> [Problem statement]: Return the lines below exactly, starting with the line that contains "move=> iN jN; apply/setP" and stopping after the last line.

Saved entries:
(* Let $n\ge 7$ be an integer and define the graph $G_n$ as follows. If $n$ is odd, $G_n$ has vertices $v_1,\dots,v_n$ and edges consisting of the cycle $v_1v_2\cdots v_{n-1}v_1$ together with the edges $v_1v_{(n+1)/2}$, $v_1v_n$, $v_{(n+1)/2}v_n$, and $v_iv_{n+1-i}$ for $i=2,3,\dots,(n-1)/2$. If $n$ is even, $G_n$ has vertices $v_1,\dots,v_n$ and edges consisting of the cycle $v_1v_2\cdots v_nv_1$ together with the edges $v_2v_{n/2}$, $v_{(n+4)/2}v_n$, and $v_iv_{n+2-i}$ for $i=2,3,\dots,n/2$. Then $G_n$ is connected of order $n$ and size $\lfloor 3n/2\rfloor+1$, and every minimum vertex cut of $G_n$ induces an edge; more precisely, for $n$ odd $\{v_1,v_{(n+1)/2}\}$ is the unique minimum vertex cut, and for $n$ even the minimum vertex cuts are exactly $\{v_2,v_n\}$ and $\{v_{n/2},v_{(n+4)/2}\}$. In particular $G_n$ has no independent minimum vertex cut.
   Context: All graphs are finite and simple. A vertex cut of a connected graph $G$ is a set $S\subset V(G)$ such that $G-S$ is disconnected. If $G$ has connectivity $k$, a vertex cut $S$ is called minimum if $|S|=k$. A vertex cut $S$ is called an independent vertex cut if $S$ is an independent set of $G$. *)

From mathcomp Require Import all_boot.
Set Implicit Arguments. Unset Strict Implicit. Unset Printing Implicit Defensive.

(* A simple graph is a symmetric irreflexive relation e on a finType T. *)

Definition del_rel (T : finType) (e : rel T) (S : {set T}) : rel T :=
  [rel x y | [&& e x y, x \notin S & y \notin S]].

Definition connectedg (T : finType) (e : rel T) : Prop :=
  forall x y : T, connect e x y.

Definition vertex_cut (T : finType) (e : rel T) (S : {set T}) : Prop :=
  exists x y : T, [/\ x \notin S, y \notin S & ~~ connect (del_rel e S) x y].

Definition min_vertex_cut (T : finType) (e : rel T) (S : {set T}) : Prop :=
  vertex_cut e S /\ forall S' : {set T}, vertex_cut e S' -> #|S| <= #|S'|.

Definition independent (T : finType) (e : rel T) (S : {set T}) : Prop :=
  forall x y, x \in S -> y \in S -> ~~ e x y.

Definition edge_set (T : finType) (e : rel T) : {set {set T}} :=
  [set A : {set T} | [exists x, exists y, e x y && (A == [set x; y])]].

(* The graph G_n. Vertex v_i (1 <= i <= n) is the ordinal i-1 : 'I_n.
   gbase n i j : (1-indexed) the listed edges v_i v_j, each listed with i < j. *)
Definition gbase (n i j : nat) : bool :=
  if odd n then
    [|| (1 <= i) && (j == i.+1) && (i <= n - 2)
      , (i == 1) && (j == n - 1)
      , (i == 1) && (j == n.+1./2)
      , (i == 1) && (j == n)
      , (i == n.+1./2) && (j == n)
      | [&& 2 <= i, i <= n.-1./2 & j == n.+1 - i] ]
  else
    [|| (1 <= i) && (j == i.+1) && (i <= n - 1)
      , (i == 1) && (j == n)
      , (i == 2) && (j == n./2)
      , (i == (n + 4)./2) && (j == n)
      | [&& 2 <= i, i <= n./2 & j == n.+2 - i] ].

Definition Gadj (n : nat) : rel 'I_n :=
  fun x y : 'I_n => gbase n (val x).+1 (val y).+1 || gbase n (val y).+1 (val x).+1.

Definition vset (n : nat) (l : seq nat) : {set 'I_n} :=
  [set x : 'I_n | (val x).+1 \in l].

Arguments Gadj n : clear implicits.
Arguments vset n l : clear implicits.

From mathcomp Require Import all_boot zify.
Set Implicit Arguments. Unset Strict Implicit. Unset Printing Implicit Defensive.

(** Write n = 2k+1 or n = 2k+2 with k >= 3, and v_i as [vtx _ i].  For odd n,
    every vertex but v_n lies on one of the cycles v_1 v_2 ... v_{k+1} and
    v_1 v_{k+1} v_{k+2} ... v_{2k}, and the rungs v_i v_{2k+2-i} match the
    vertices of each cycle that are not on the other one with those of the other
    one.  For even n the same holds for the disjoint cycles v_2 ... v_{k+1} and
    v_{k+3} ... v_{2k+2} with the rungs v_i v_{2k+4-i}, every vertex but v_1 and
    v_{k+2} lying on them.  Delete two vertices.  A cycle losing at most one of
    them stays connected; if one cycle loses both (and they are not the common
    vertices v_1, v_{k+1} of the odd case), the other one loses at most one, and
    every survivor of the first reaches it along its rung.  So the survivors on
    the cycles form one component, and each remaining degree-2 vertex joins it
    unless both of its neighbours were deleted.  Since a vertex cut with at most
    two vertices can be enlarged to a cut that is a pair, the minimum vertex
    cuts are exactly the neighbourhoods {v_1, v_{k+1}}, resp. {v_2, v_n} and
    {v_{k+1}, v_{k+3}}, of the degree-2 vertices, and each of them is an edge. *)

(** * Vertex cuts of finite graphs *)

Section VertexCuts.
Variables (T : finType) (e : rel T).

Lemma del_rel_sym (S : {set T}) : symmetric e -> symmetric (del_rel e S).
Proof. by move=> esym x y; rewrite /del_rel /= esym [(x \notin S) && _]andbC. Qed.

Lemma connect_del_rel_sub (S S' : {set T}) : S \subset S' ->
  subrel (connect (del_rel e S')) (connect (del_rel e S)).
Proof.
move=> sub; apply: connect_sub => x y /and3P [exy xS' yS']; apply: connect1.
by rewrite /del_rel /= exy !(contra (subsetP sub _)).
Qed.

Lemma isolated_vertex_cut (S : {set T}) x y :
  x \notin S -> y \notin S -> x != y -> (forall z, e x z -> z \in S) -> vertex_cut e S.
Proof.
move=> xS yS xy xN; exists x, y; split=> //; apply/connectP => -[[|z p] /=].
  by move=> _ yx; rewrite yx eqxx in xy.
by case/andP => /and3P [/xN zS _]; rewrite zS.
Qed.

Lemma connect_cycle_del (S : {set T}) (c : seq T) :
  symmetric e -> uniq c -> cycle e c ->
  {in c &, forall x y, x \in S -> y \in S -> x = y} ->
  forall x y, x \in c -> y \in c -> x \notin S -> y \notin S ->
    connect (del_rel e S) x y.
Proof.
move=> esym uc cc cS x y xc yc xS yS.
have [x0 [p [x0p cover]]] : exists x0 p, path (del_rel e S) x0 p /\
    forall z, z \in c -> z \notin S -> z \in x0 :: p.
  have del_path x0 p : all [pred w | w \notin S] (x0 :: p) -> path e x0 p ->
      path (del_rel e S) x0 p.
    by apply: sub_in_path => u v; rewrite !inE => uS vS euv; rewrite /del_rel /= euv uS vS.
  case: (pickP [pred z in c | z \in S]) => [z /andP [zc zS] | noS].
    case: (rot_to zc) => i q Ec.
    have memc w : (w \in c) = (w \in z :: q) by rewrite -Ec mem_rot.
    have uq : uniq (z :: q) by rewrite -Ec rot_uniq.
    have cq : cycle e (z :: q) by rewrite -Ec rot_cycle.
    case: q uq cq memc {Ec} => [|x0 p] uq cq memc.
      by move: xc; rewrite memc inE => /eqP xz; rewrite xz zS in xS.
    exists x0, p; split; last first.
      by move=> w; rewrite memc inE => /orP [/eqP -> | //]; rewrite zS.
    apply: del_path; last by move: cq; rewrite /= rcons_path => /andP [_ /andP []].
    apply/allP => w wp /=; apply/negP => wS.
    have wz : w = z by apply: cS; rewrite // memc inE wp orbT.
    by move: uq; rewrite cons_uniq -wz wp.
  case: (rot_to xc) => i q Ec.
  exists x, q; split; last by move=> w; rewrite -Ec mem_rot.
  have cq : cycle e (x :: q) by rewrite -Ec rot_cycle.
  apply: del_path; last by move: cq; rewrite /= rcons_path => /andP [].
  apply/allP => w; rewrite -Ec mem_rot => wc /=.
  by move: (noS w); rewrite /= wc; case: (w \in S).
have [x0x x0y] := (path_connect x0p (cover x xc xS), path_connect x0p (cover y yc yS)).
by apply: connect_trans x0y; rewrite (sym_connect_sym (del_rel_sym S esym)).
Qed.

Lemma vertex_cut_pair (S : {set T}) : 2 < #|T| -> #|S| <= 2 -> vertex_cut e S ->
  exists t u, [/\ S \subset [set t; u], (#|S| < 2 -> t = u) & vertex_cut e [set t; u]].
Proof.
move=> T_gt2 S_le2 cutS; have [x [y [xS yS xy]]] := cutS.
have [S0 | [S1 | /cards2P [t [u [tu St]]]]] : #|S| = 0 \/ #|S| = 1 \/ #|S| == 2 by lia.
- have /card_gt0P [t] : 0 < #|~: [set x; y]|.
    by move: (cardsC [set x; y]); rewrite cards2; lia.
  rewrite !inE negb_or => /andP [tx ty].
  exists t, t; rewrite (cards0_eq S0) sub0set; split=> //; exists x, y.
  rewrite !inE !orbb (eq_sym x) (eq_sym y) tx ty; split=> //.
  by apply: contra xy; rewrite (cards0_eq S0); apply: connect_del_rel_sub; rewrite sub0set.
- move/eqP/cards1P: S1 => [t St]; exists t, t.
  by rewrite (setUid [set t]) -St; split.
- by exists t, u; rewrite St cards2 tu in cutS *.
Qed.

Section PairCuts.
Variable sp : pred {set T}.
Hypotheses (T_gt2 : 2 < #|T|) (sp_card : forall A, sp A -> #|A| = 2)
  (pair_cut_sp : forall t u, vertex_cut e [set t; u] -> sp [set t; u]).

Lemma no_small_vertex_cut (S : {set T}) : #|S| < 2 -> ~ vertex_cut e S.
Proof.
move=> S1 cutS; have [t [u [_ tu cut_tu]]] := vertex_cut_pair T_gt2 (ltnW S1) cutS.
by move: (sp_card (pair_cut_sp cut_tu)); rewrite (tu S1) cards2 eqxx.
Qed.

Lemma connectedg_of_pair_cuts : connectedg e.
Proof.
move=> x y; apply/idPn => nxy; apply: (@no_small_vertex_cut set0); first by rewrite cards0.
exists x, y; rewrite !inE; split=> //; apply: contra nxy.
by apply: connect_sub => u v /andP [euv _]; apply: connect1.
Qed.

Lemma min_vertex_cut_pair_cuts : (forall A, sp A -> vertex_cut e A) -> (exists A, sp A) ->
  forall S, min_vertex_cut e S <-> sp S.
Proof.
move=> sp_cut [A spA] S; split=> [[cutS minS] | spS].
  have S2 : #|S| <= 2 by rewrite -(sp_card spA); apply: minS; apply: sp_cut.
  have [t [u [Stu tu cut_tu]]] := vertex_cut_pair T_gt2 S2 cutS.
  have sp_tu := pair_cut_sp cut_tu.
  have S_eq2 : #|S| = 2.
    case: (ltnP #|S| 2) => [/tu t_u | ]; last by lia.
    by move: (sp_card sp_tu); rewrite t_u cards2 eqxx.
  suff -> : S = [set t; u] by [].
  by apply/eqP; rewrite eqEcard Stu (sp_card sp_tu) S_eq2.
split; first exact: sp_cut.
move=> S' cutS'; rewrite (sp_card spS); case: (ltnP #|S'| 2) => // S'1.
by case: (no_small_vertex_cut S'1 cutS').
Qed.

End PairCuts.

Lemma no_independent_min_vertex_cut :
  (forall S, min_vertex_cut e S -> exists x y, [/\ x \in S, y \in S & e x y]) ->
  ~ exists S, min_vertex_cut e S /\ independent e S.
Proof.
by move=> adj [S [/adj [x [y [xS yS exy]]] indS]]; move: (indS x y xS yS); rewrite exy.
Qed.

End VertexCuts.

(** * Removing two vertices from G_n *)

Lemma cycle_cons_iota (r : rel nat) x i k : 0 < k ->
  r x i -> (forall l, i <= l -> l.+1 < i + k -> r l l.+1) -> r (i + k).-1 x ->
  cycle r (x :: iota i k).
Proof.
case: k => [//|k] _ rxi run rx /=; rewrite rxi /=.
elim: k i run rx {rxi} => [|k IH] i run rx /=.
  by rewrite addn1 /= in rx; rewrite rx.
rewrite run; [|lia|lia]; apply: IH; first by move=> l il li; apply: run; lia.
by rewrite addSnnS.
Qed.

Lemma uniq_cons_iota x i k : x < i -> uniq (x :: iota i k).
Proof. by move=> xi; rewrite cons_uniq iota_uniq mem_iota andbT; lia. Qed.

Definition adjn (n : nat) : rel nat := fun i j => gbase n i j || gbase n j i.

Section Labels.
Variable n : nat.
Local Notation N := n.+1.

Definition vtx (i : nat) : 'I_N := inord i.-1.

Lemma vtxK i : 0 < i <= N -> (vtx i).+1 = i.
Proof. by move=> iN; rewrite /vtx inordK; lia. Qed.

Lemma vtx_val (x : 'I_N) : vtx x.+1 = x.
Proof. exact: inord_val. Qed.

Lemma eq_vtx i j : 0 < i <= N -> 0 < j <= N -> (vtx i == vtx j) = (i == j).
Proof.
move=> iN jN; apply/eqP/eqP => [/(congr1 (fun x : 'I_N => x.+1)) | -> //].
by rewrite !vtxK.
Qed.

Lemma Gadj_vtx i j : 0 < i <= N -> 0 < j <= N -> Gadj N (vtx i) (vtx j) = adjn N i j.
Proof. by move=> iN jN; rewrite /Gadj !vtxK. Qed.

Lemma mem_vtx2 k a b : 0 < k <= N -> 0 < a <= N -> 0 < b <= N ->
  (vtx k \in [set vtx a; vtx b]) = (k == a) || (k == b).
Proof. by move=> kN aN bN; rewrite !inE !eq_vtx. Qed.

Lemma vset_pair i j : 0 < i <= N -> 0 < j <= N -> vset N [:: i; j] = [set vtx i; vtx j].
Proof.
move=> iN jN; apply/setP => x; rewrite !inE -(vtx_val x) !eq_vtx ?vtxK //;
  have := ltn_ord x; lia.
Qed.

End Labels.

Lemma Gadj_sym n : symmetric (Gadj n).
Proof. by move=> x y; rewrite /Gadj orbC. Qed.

> [Task output]:
move=> iN jN; apply/setP => x; rewrite !inE -(vtx_val x) !eq_vtx ?vtxK //;
  have := ltn_ord x; lia.
Qed.

End Labels.

Lemma Gadj_sym n : symmetric (Gadj n).
Proof. by move=> x y; rewrite /Gadj orbC. Qed.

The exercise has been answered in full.